## What the task requires
Some entries follow. Reproduce exactly the lines starting at the one with "case=> nN cn; apply/in_center_fullP => y." and stopping after the one with "Proof. by case=> n [a [b [_ ->]]]; apply: memv_suml".

[Stored data]
= Beginning of Section =

Lemma lie_ring_aut_fullP f : lie_ring_aut br fullv f <->
  [/\ bijective f, {morph f : x y / x + y} & {morph f : x y / br x y}].
Proof.
split=> [[_ fI fS fD fM] | [[g fK gK] fD fM]].
  split=> [|x y|x y]; [|exact: fD (memvf x) (memvf y)|exact: fM (memvf x) (memvf y)].
  apply: inj_surj_bij => [x y|y]; first exact: fI (memvf x) (memvf y).
  by have [x _ <-] := fS y (memvf y); exists x.
split=> [x _|x y _ _|y _|x y _ _|x y _ _]; rewrite ?memvf //; first exact: can_inj.
by exists (g y); rewrite ?memvf.
Qed.

Lemma lie_ring_aut_restrict (U : {vspace V}) f : lie_ring_aut br fullv f ->
  (forall x, x \in U -> f x \in U) ->
  (forall y, y \in U -> exists2 x, x \in U & f x = y) -> lie_ring_aut br U f.
Proof.
move=> /lie_ring_aut_fullP[[g fK _] fD fM] fU fS.
by split=> // x y _ _ /(can_inj fK).
Qed.

Lemma lie_ring_aut_comp f g : lie_ring_aut br fullv f -> lie_ring_aut br fullv g ->
  lie_ring_aut br fullv (f \o g).
Proof.
move=> /lie_ring_aut_fullP[fB fD fM] /lie_ring_aut_fullP[gB gD gM].
apply/lie_ring_aut_fullP; split=> [|x y|x y] /=; first exact: bij_comp.
  by rewrite gD.
by rewrite gM.
Qed.

Lemma lie_ring_aut_inv f g : lie_ring_aut br fullv f -> cancel f g -> cancel g f ->
  lie_ring_aut br fullv g.
Proof.
move=> /lie_ring_aut_fullP[_ fD fM] fK gK; apply/lie_ring_aut_fullP.
split=> [|x y|x y]; first by exists f.
  by apply: (can_inj fK); rewrite fD !gK.
by apply: (can_inj fK); rewrite fM !gK.
Qed.

Lemma lie_ring_aut_center f x : lie_ring_aut br fullv f ->
  in_center br fullv (f x) <-> in_center br fullv x.
Proof.
move=> /lie_ring_aut_fullP[[g fK gK] fD fM].
have f0 := additive_map0 fD.
split=> /in_center_fullP cx; apply/in_center_fullP => y.
  by apply: (can_inj fK); rewrite fM cx f0.
by rewrite -(gK y) -fM cx f0.
Qed.

Lemma in_derived_fullv U x : in_derived br U x -> in_derived br fullv x.
Proof. by case=> n [a [b [_ ->]]]; exists n, a, b; split=> // i; rewrite !memvf. Qed.

Lemma lie_ring_aut_derived f x : lie_ring_aut br fullv f ->
  in_derived br fullv x -> in_derived br fullv (f x).
Proof.
move=> /lie_ring_aut_fullP[_ fD fM] [n [a [b [_ ->]]]].
exists n, (f \o a), (f \o b); split=> [i|]; first by rewrite !memvf.
by rewrite (big_morph f fD (additive_map0 fD)); apply: eq_bigr => i _; rewrite fM.
Qed.

Lemma central_aut_comp m1 m2 : central_aut br fullv m1 -> central_aut br fullv m2 ->
  central_aut br fullv (m1 \o m2).
Proof.
move=> [m1_aut m1c] [m2_aut m2c]; split=> [|x _]; first exact: lie_ring_aut_comp.
have -> : (m1 \o m2) x - x = (m1 (m2 x) - m2 x) + (m2 x - x) by rewrite addrA subrK.
by apply: in_center_fullD; [apply: m1c | apply: m2c]; rewrite memvf.
Qed.

Lemma central_aut_div f g g' :
  lie_ring_aut br fullv f -> lie_ring_aut br fullv g -> cancel g g' -> cancel g' g ->
  (forall x, in_center br fullv (f x - g x)) -> central_aut br fullv (f \o g').
Proof.
move=> f_aut g_aut gK g'K cfg; split=> [|y _]; last by rewrite /= -{2}(g'K y).
exact: lie_ring_aut_comp f_aut (lie_ring_aut_inv g_aut gK g'K).
Qed.

End LieRingAutomorphisms.

Section FieldAutomorphisms.
Variables (R : realType) (V : vectType R) (br : V -> V -> V).

Lemma field_aut_piece_mem I s x : field_aut_piece br I s -> x \in I -> s x \in I.
Proof.
case=> [s_id xI | [J [m [e [phi [gam [[JI _ _ _] [eI e_span _] _ _ s_e]]]]]] xI].
  by rewrite s_id.
have [c ->] := e_span x xI; rewrite s_e; apply: memv_suml => l _.
by rewrite /cscale memvD ?memvZ ?JI.
Qed.

Lemma field_aut_mem U s x : field_aut br U s -> x \in U -> s x \in U.
Proof.
case=> k [Ns [sg [<- _ _ pieces s_sum]]] /memv_sumP[xs xsN ->].
rewrite s_sum => [|i]; last exact: xsN.
by apply: memv_sumr => i _; apply: field_aut_piece_mem (pieces i) (xsN i _).
Qed.

End FieldAutomorphisms.

Section DirectSum.
Variables (K : fieldType) (V : vectType K) (N0 A : {vspace V}).
Hypotheses (sumNA : (N0 + A)%VS = fullv) (dirNA : directv (N0 + A)).

Local Notation pN := (daddv_pi N0 A).
Local Notation pA := (daddv_pi A N0).

Lemma capNA : (N0 :&: A = 0)%VS. Proof. exact/directv_addP. Qed.

Lemma memNA_eq0 x : x \in N0 -> x \in A -> x = 0.
Proof. by move=> xN xA; apply/eqP; rewrite -memv0 -capNA memv_cap xN. Qed.

Lemma projNA_add x : pN x + pA x = x.
Proof. by apply: daddv_pi_add; rewrite ?capNA ?sumNA ?memvf. Qed.

Lemma projN_id n : n \in N0 -> pN n = n.
Proof. exact/daddv_pi_id/capNA. Qed.

Lemma projA_id a : a \in A -> pA a = a.
Proof. by apply/daddv_pi_id; rewrite capvC capNA. Qed.

Lemma projN_A a : a \in A -> pN a = 0.
Proof.
move=> aA; have := projNA_add a; rewrite projA_id // => /(canRL (addrK a)).
by rewrite subrr.
Qed.

Lemma projA_N n : n \in N0 -> pA n = 0.
Proof.
move=> nN; have := projNA_add n; rewrite projN_id // => /(canRL (addKr n)).
by rewrite addNr.
Qed.

Lemma projN_add n a : n \in N0 -> a \in A -> pN (n + a) = n.
Proof. by move=> nN aA; rewrite linearD /= projN_id // projN_A // addr0. Qed.

Lemma projA_add n a : n \in N0 -> a \in A -> pA (n + a) = a.
Proof. by move=> nN aA; rewrite linearD /= projA_N // projA_id // add0r. Qed.

End DirectSum.

Section SplitAbelianFactor.
Variables (R : realType) (V : vectType R) (br : V -> V -> V) (N0 A : {vspace V}).
Hypotheses (br_lie : is_lie_bracket br)
  (sumNA : (N0 + A)%VS = fullv) (dirNA : directv (N0 + A))
  (idealN0 : is_ideal_of br fullv N0) (idealA : is_ideal_of br fullv A)
  (abelianA : abelian_sub br A).

Local Notation pN := (daddv_pi N0 A).
Local Notation pA := (daddv_pi A N0).
Local Notation projNA_add := (projNA_add sumNA dirNA).
Local Notation projN_id := (projN_id dirNA).
Local Notation projA_N := (projA_N sumNA dirNA).
Local Notation projN_A := (projN_A sumNA dirNA).
Local Notation projN_add := (projN_add sumNA dirNA).
Local Notation projA_add := (projA_add sumNA dirNA).

Lemma br_N0A n a : n \in N0 -> a \in A -> br n a = 0.
Proof.
move=> nN aA; apply: (memNA_eq0 dirNA); last exact: idealA.2 (memvf n) aA.
by rewrite br_antisym // memvN; apply: idealN0.2 (memvf a) nN.
Qed.

Lemma br_projN x y : br x y = br (pN x) (pN y).
Proof.
rewrite -{1}(projNA_add x) -{1}(projNA_add y) !(brDl br_lie, brDr br_lie).
rewrite (abelianA (memv_pi _ _ _) (memv_pi _ _ _)) [br (pA x) _]br_antisym //.
by rewrite !(@br_N0A (pN _) (pA _)) ?memv_pi // oppr0 !addr0.
Qed.

Lemma br_memN0 x y : br x y \in N0.
Proof. by rewrite br_projN; apply: idealN0.2 (memvf _) (memv_pi _ _ _). Qed.

Lemma in_center_A a : a \in A -> in_center br fullv a.
Proof. by move=> aA; apply/in_center_fullP => y; rewrite br_projN projN_A // br0l. Qed.

Lemma in_center_N0_fullv n : in_center br N0 n -> in_center br fullv n.
Proof.
case=> nN cn; apply/in_center_fullP => y.
by rewrite br_projN projN_id // cn ?memv_pi.
Qed.

Lemma in_center_projN z : in_center br fullv z -> in_center br fullv (pN z).
Proof.
move=> /in_center_fullP cz; apply/in_center_fullP => y.
by rewrite br_projN projN_id ?memv_pi // -br_projN cz.
Qed.

Lemma in_derived_memN0 x : in_derived br fullv x -> x \in N0.
Proof. by case=> n [a [b [_ ->]]]; apply: memv_suml => i _; apply: br_memN0. Qed.

Lemma is_ideal_of_fullv I : is_ideal_of br N0 I -> is_ideal_of br fullv I.
Proof.
case=> IN0 idI; split=> [|x y _ yI]; first exact: subvf.
by rewrite br_projN (projN_id (subvP IN0 y yI)); apply: idI (memv_pi _ _ _) yI.
Qed.

Definition extend (h : V -> V) x := h (pN x) + pA x.

Section Extend.
Variable h : V -> V.
Hypothesis hN0 : forall n, n \in N0 -> h n \in N0.

Lemma extend_projN x : pN (extend h x) = h (pN x).
Proof. by rewrite projN_add ?hN0 ?memv_pi. Qed.

Lemma extend_projA x : pA (extend h x) = pA x.
Proof. by rewrite projA_add ?hN0 ?memv_pi. Qed.

End Extend.

Lemma extend_N0 h n : n \in N0 -> extend h n = h n.
Proof. by move=> nN; rewrite /extend projN_id // projA_N // addr0. Qed.

Lemma extend_comp h k x : (forall n, n \in N0 -> k n \in N0) ->
  extend h (extend k x) = extend (h \o k) x.
Proof. by move=> kN0; rewrite /extend extend_projN // extend_projA. Qed.

Lemma extend_aut h : lie_ring_aut br N0 h -> lie_ring_aut br fullv (extend h).
Proof.
case=> hN0 hI hS hD hM; apply/lie_ring_aut_fullP; split=> [|x y|x y].
- apply: inj_surj_bij => [x y eq_xy|y].
    have eqN : pN x = pN y.
      by apply: hI; rewrite ?memv_pi // -(extend_projN hN0 x) eq_xy extend_projN.
    have eqA : pA x = pA y by rewrite -(extend_projA hN0 x) eq_xy extend_projA.
    by rewrite -(projNA_add x) -(projNA_add y) eqN eqA.
  have [n nN hn] := hS _ (memv_pi N0 A y); exists (n + pA y).
  by rewrite /extend projN_add ?projA_add ?memv_pi // hn projNA_add.
- by rewrite /extend !linearD /= hD ?memv_pi // addrACA.
rewrite extend_N0 ?br_memN0 // [RHS]br_projN !(extend_projN hN0).
by rewrite br_projN hM ?memv_pi.
Qed.

Lemma extend_central h : central_aut br N0 h -> central_aut br fullv (extend h).
Proof.
case=> h_aut hc; split=> [|x _]; first exact: extend_aut.
have -> : extend h x - x = h (pN x) - pN x.
  by rewrite /extend -{3}(projNA_add x) opprD addrACA subrr addr0.
by apply: in_center_N0_fullv; apply: hc; apply: memv_pi.
Qed.

Lemma extend_lin h : lin_lie_aut br N0 h -> lin_lie_aut br fullv (extend h).
Proof.
case=> h_aut hZ; split=> [|a x _]; first exact: extend_aut.
by rewrite /extend !linearZ /= hZ ?memv_pi // scalerDr.
Qed.

Lemma extend_field s : field_aut br N0 s -> field_aut br fullv (extend s).
Proof.
case=> k [Ns [sg [sumNs dirNs idealNs pieces s_sum]]].
pose Ns' (i : 'I_k.+1) := if unlift ord0 i is Some j then Ns j else A.
pose sg' (i : 'I_k.+1) := if unlift ord0 i is Some j then sg j else id.
have Ns'0 : Ns' ord0 = A by rewrite /Ns' unlift_none.
have Ns'S j : Ns' (lift ord0 j) = Ns j by rewrite /Ns' liftK.
have sumNs' : (\sum_(i < k.+1) Ns' i)%VS = fullv.
  by rewrite big_ord_recl Ns'0; under eq_bigr do rewrite Ns'S; rewrite sumNs addvC.
exists k.+1, Ns', sg'; split=> // [|i|i|xs xsN].
- (* [\dim fullv = \dim A + \dim N0 = \dim A + \sum_j \dim (Ns j)] *)
  move: dirNs; rewrite !directvE /= sumNs' -sumNA (dimv_disjoint_sum (capNA dirNA)).
  rewrite sumNs big_ord_recl Ns'0 => /eqP ->.
  by rewrite addnC eqn_add2l; apply/eqP/eq_bigr => j _; rewrite Ns'S.
- rewrite /Ns'; case: (unlift ord0 i) => [j|]; last exact: idealA.
  exact: is_ideal_of_fullv (idealNs j).
- by rewrite /Ns' /sg'; case: (unlift ord0 i) => [j|]; [exact: pieces | left].
have aA : xs ord0 \in A by rewrite -Ns'0.
have xsS j : xs (lift ord0 j) \in Ns j by rewrite -Ns'S.
have nN : \sum_(j < k) xs (lift ord0 j) \in N0 by rewrite -sumNs; apply: memv_sumr.
rewrite big_ord_recl [xs ord0 + _]addrC /extend projN_add // projA_add //.
rewrite s_sum // big_ord_recl /sg' unlift_none addrC; congr (_ + _).
by apply: eq_bigr => j _; rewrite liftK.
Qed.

= End of Section =

## Answer
case=> nN cn; apply/in_center_fullP => y.
by rewrite br_projN projN_id // cn ?memv_pi.
Qed.

Lemma in_center_projN z : in_center br fullv z -> in_center br fullv (pN z).
Proof.
move=> /in_center_fullP cz; apply/in_center_fullP => y.
by rewrite br_projN projN_id ?memv_pi // -br_projN cz.
Qed.

Lemma in_derived_memN0 x : in_derived br fullv x -> x \in N0.
Proof. by case=> n [a [b [_ ->]]]; apply: memv_suml => i _; apply: br_memN0. Qed.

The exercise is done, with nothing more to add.